Sinquerim Beach is pretty, certainly. Very pretty in fact:
However, I spent only about twenty minutes on the beach, and in that time I was approached by no less than four representatives of the boat crews in the middle picture above insisting I try their water sports. That was one of the reasons I only spent twenty minutes on that beach.
3. Candolim Beach:
Ah, Candolim Beach, how do I love thee? Let me picture the ways.
That red flag over there in the distance marks a "no-swimming" zone.
Fort Aguada is somewhere on the other side of this headland marking the southern end of Candolim Beach. At night you can see the beam of the lighthouse coming over that hill:
There's that ship again! The non-Flying non-Dutchman.
Goan beaches are full of friendly dogs. This one took a real shine to me.
And the waters wash the shore...
Sunset on Candolim Beach:
So there was I in Goa.
And, little by little, I began to improve. My stress levels reduced, my mind became calmer, and I began to think a little of the future instead of exclusively of the past. I slept naked (and alone) and during those few days had none of the insecurity dreams which normally shred my nights. Not once did I dream I was facing an examination or that I was on a journey with no ending. Nothing tried to drag me into dark threatening shadows where things much worse than death waited, gibbering.

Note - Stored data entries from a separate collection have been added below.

(* Let $\mathcal{T}$ be the law with tail function $\overline{F}(t)=e^{-t}$ for $t\in[0,1)\cup(2,\infty)$ and $\overline{F}(t)=e^{-2}$ for $t\in[1,2]$. Then $\overline{F}(u)\overline{F}(1)\leq\overline{F}(1+u)$ for all $u\in[0,\infty)$, yet for every $\epsilon\in(0,\tfrac12)$, with $r=\tfrac12+\epsilon$, one has $\mathcal{T}^{\delta_r}((1,\infty])>\mathcal{T}((1,\infty])$.
   Context: For a probability law $\mathcal{T}$ on $[0,\infty]$ and $r\in(0,\infty)$: let $(T_k)_{k\in\mathbb{N}}$ be i.i.d. with law $\mathcal{T}$; $\mathcal{T}^{\delta_r}$ is the law of the random time $\tilde T$ defined a.s. by $\tilde T=(k-1)r+T_k$ on $\{T_1>r,\ldots,T_{k-1}>r,T_k\leq r\}$, $k\in\mathbb{N}$ (deterministic reset with period $r$). The tail function is $\overline{F}(t)=\mathcal{T}((t,\infty])$. *)

From Stdlib Require Import Reals.
Open Scope R_scope.

Inductive xR : Type := Fin (x : R) | Inf.

Definition xgt (x : xR) (t : R) : Prop :=
  match x with Fin y => t < y | Inf => True end.

(* x <= b, where b = None stands for +infinity *)
Definition xle (x : xR) (b : option R) : Prop :=
  match b, x with
  | None, _ => True
  | Some b', Fin y => y <= b'
  | Some _, Inf => False
  end.

Definition xnonneg (x : xR) : Prop :=
  match x with Fin y => 0 <= y | Inf => True end.

Record prob_space : Type := {
  Omega : Type;
  meas : (Omega -> Prop) -> Prop;
  P : (Omega -> Prop) -> R;
  meas_full : meas (fun _ => True);
  meas_compl : forall A, meas A -> meas (fun w => ~ A w);
  meas_cunion : forall A : nat -> Omega -> Prop,
      (forall n, meas (A n)) -> meas (fun w => exists n, A n w);
  P_nonneg : forall A, meas A -> 0 <= P A;
  P_full : P (fun _ => True) = 1;
  P_sigma_add : forall A : nat -> Omega -> Prop,
      (forall n, meas (A n)) ->
      (forall m n w, m <> n -> A m w -> A n w -> False) ->
      infinite_sum (fun n => P (A n)) (P (fun w => exists n, A n w))
}.

Fixpoint prodR (f : nat -> R) (n : nat) : R :=
  match n with O => 1 | S m => prodR f m * f m end.

Definition interval_event {Om : Type} (X : Om -> xR) (a : R) (b : option R)
  : Om -> Prop := fun w => xgt (X w) a /\ xle (X w) b.

(* (T_k) is an i.i.d. sequence of [0,infinity]-valued random variables whose
   common law has tail function Fbar, i.e. P(T_k > t) = Fbar t for t >= 0.
   Independence is required on the pi-system of intervals (a,b], (a,infinity]
   (which generates the Borel sets of [0,infinity] and contains the whole space). *)
Definition iid_with_tail (S : prob_space) (T : nat -> Omega S -> xR)
  (Fbar : R -> R) : Prop :=
  (forall k w, xnonneg (T k w)) /\
  (forall k t, meas S (fun w => xgt (T k w) t)) /\
  (forall k t, 0 <= t -> P S (fun w => xgt (T k w) t) = Fbar t) /\
  (forall (n : nat) (a : nat -> R) (b : nat -> option R),
      P S (fun w => forall k, (k < n)%nat -> interval_event (T k) (a k) (b k) w)
      = prodR (fun k => P S (interval_event (T k) (a k) (b k))) n).

(* The event {Ttilde > t} for the deterministic reset with period r:
   Ttilde = (k-1) r + T_k on {T_1 > r, ..., T_(k-1) > r, T_k <= r}.
   Here indices are 0-based: j = k-1. *)
Definition reset_gt {Om : Type} (T : nat -> Om -> xR) (r t : R) : Om -> Prop :=
  fun w => exists j : nat,
    (forall i, (i < j)%nat -> xgt (T i w) r) /\
    exists y, T j w = Fin y /\ y <= r /\ t < INR j * r + y.

Definition Fbar_ex (t : R) : R :=
  if Rlt_dec t 1 then exp (- t)
  else if Rle_dec t 2 then exp (- 2)
  else exp (- t).

(* For the second claim write Ttilde for the time with deterministic reset of
   period r.  The event {Ttilde > t} is the disjoint union over j of the events
     E_j = {T_0 > r, ..., T_(j-1) > r, t - j r < T_j <= r},
   so by independence P(Ttilde > t) = sum_j Fbar(r)^j P(t - j r < T_0 <= r).
   For t = 1 and 1/2 < r < 1 the terms j = 1, 2, 3 telescope to
   e^{-1} - e^{-4r}, which already exceeds e^{-2} = Fbar(1) because e > 2. *)

From Stdlib Require Import Reals Lra Lia FunctionalExtensionality PropExtensionality.
Open Scope R_scope.

Lemma event_ext {O : Type} (A B : O -> Prop) : (forall w, A w <-> B w) -> A = B.
Proof.
  intro H; apply functional_extensionality; intro w.
  apply propositional_extensionality; auto.
Qed.

Section ProbabilityBasics.
Variable Sp : prob_space.

Lemma meas_empty : meas Sp (fun _ => False).
Proof.
  replace (fun _ : Omega Sp => False) with (fun _ : Omega Sp => ~ True).
  - apply meas_compl, meas_full.
  - apply event_ext; tauto.
Qed.

(* Binary unions are countable unions with an eventually repeated event. *)
Lemma meas_union A B : meas Sp A -> meas Sp B -> meas Sp (fun w => A w \/ B w).
Proof.
  intros HA HB.
  replace (fun w => A w \/ B w)
    with (fun w => exists n : nat, (match n with O => A | _ => B end) w).
  - apply meas_cunion; intros [|n]; auto.
  - apply event_ext; intro w; split.
    + intros [[|n] H]; auto.
    + intros [H|H]; [exists O | exists 1%nat]; auto.
Qed.

Lemma meas_inter A B : meas Sp A -> meas Sp B -> meas Sp (fun w => A w /\ B w).
Proof.
  intros HA HB.
  replace (fun w => A w /\ B w) with (fun w => ~ (~ A w \/ ~ B w)).
  - apply meas_compl, meas_union; apply meas_compl; auto.
  - apply event_ext; intro w; tauto.
Qed.

Lemma sum_const (c : R) (n : nat) : sum_f_R0 (fun _ => c) n = INR (S n) * c.
Proof.
  induction n as [|n IH]; simpl sum_f_R0; [simpl; lra|].
  rewrite IH, (S_INR (S n)); lra.
Qed.

(* Countable additivity applied to the constant family of empty events forces
   the series c + c + ... to converge, hence c = 0. *)
Lemma P_empty : P Sp (fun _ => False) = 0.
Proof.
  assert (Hsum := P_sigma_add Sp (fun _ _ => False) (fun _ => meas_empty) ltac:(tauto)).
  cbv beta in Hsum.
  replace (fun _ : Omega Sp => exists _ : nat, False) with (fun _ : Omega Sp => False)
    in Hsum by (apply event_ext; intro; split; [tauto | intros [_ []]]).
  set (c := P Sp (fun _ => False)) in *.
  assert (Hc : 0 <= c) by apply (P_nonneg Sp _ meas_empty).
  destruct (Req_dec c 0) as [E|E]; auto.
  destruct (Hsum c ltac:(lra)) as [N HN].
  specialize (HN (S N) ltac:(lia)).
  rewrite sum_const in HN; unfold Rdist in HN; rewrite !S_INR in HN.
  pose proof (pos_INR N).
  assert (INR N * c >= 0) by (apply Rle_ge, Rmult_le_pos; lra).
  rewrite Rabs_right in HN; nra.
Qed.

(* Finite additivity for two disjoint events: the family A, B, empty, empty, ... *)
Lemma P_add A B : meas Sp A -> meas Sp B -> (forall w, A w -> B w -> False) ->
  P Sp (fun w => A w \/ B w) = P Sp A + P Sp B.
Proof.
  intros HA HB Hdisj.
  set (F := fun n : nat => match n with O => A | 1%nat => B | _ => fun _ => False end).
  assert (Hsum := P_sigma_add Sp F).
  replace (fun w => exists n, F n w) with (fun w => A w \/ B w) in Hsum.
  2:{ apply event_ext; intro w; split.
      - intros [h|h]; [exists O | exists 1%nat]; auto.
      - intros [[|[|n]] h]; simpl in h; tauto. }
  eapply uniqueness_sum; [apply Hsum|].
  - intros [|[|n]]; simpl; auto using meas_empty.
  - intros [|[|m]] [|[|n]] w hmn; simpl; try tauto;
      try (intros; eapply Hdisj; eauto); lia.
  - assert (Hpartial : forall n, sum_f_R0 (fun n => P Sp (F n)) (S n) = P Sp A + P Sp B).
    { induction n as [|n IH]; [simpl; lra|].
      rewrite tech5, IH; simpl; rewrite P_empty; lra. }
    intros eps heps; exists 1%nat; intros n hn.
    destruct n as [|n]; [lia|].
    cbv beta in Hpartial |- *; rewrite Hpartial.
    unfold Rdist; rewrite Rminus_diag, Rabs_R0; lra.
Qed.

Lemma P_diff A B : meas Sp A -> meas Sp B -> (forall w, B w -> A w) ->
  P Sp (fun w => A w /\ ~ B w) = P Sp A - P Sp B.
Proof.
  intros HA HB Hsub.
  assert (Hsplit : P Sp A = P Sp (fun w => B w \/ (A w /\ ~ B w))).
  { f_equal; apply event_ext; intro w; split; [tauto|].
    intros [h|h]; [auto | tauto]. }
  rewrite Hsplit, P_add; [lra | auto | | tauto].
  apply meas_inter, meas_compl; auto.
Qed.

End ProbabilityBasics.

Lemma prodR_const (f : nat -> R) (c : R) (n : nat) :
  (forall k, (k < n)%nat -> f k = c) -> prodR f n = c ^ n.
Proof.
  induction n as [|n IH]; intro Hf; simpl; [reflexivity|].
  rewrite IH; [rewrite Hf by lia; ring | intros; apply Hf; lia].
Qed.

Lemma xle_some (x : xR) (b : R) : xle x (Some b) <-> ~ xgt x b.
Proof. destruct x; simpl; [split; intros; lra | tauto]. Qed.

Section IntervalEvents.
Variable Sp : prob_space.
Variable T : nat -> Omega Sp -> xR.
Variable Fbar : R -> R.
Hypothesis HT : iid_with_tail Sp T Fbar.

Lemma gt_meas k t : meas Sp (fun w => xgt (T k w) t).
Proof. apply HT. Qed.

Lemma gt_prob k t : 0 <= t -> P Sp (fun w => xgt (T k w) t) = Fbar t.
Proof. apply HT. Qed.

Lemma interval_as_diff k a b :
  interval_event (T k) a (Some b) = fun w => xgt (T k w) a /\ ~ xgt (T k w) b.
Proof. apply event_ext; intro w; unfold interval_event; rewrite xle_some; tauto. Qed.

Lemma interval_meas k a b : meas Sp (interval_event (T k) a b).
Proof.
  destruct b as [b|].
  - rewrite interval_as_diff; apply meas_inter; [apply gt_meas | apply meas_compl, gt_meas].
  - replace (interval_event (T k) a None) with (fun w => xgt (T k w) a)
      by (apply event_ext; intro w; unfold interval_event; simpl; tauto).
    apply gt_meas.
Qed.

Lemma interval_prob_unbounded k a :
  0 <= a -> P Sp (interval_event (T k) a None) = Fbar a.
Proof.
  intro ha; rewrite <- (gt_prob k a ha); f_equal.
  apply event_ext; intro w; unfold interval_event; simpl; tauto.
Qed.

Lemma interval_prob k a b :
  0 <= a <= b -> P Sp (interval_event (T k) a (Some b)) = Fbar a - Fbar b.
Proof.
  intro hab.
  rewrite interval_as_diff, P_diff by (apply gt_meas || (intro w; destruct (T k w); simpl; lra)).
  rewrite !gt_prob by lra; reflexivity.
Qed.

(* A negative lower endpoint is no constraint, since T_k >= 0. *)
Lemma interval_prob_neg k a b :
  a < 0 <= b -> P Sp (interval_event (T k) a (Some b)) = 1 - Fbar b.
Proof.
  intro hab.
  replace (interval_event (T k) a (Some b)) with (fun w => True /\ ~ xgt (T k w) b).
  - rewrite P_diff by (apply meas_full || apply gt_meas || tauto).
    rewrite P_full, gt_prob by lra; reflexivity.
  - rewrite interval_as_diff; apply event_ext; intro w.
    destruct HT as [Hnonneg _]; specialize (Hnonneg k w).
    destruct (T k w); simpl in *; split; try tauto; intros; lra.
Qed.

Lemma joint_interval_meas n a b :
  meas Sp (fun w => forall k, (k < n)%nat -> interval_event (T k) (a k) (b k) w).
Proof.
  induction n as [|n IH].
  - replace (fun w : Omega Sp => forall k, (k < 0)%nat -> interval_event (T k) (a k) (b k) w)
      with (fun _ : Omega Sp => True) by
      (apply event_ext; intro w; split; [intros _ k hk; lia | auto]).
    apply meas_full.
  - replace (fun w => forall k, (k < S n)%nat -> interval_event (T k) (a k) (b k) w)
      with (fun w => (forall k, (k < n)%nat -> interval_event (T k) (a k) (b k) w)
                     /\ interval_event (T n) (a n) (b n) w).
    + apply meas_inter; [exact IH | apply interval_meas].
    + apply event_ext; intro w; split.
      * intros [Hprev Hlast] k hk.
        destruct (Nat.eq_dec k n); [subst; exact Hlast | apply Hprev; lia].
      * intro H; split; [intros; apply H; lia | apply H; lia].
Qed.

End IntervalEvents.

Though it happened again as soon as I came back...
Yes, I paid for it, and I don't mean just financially. I paid for it with a deep wrench at having to leave, and a decision to return as soon as possible. I also paid for it with a terrible sunburn which turned my face, neck and arms boiled sunset red. They hurt terribly for a couple of days and then suddenly began to improve.
I'll be going to Goa again, someday fairly soon, for a longer time. I'll put up more photos then, I hope.
Assuming anyone is interested, that is.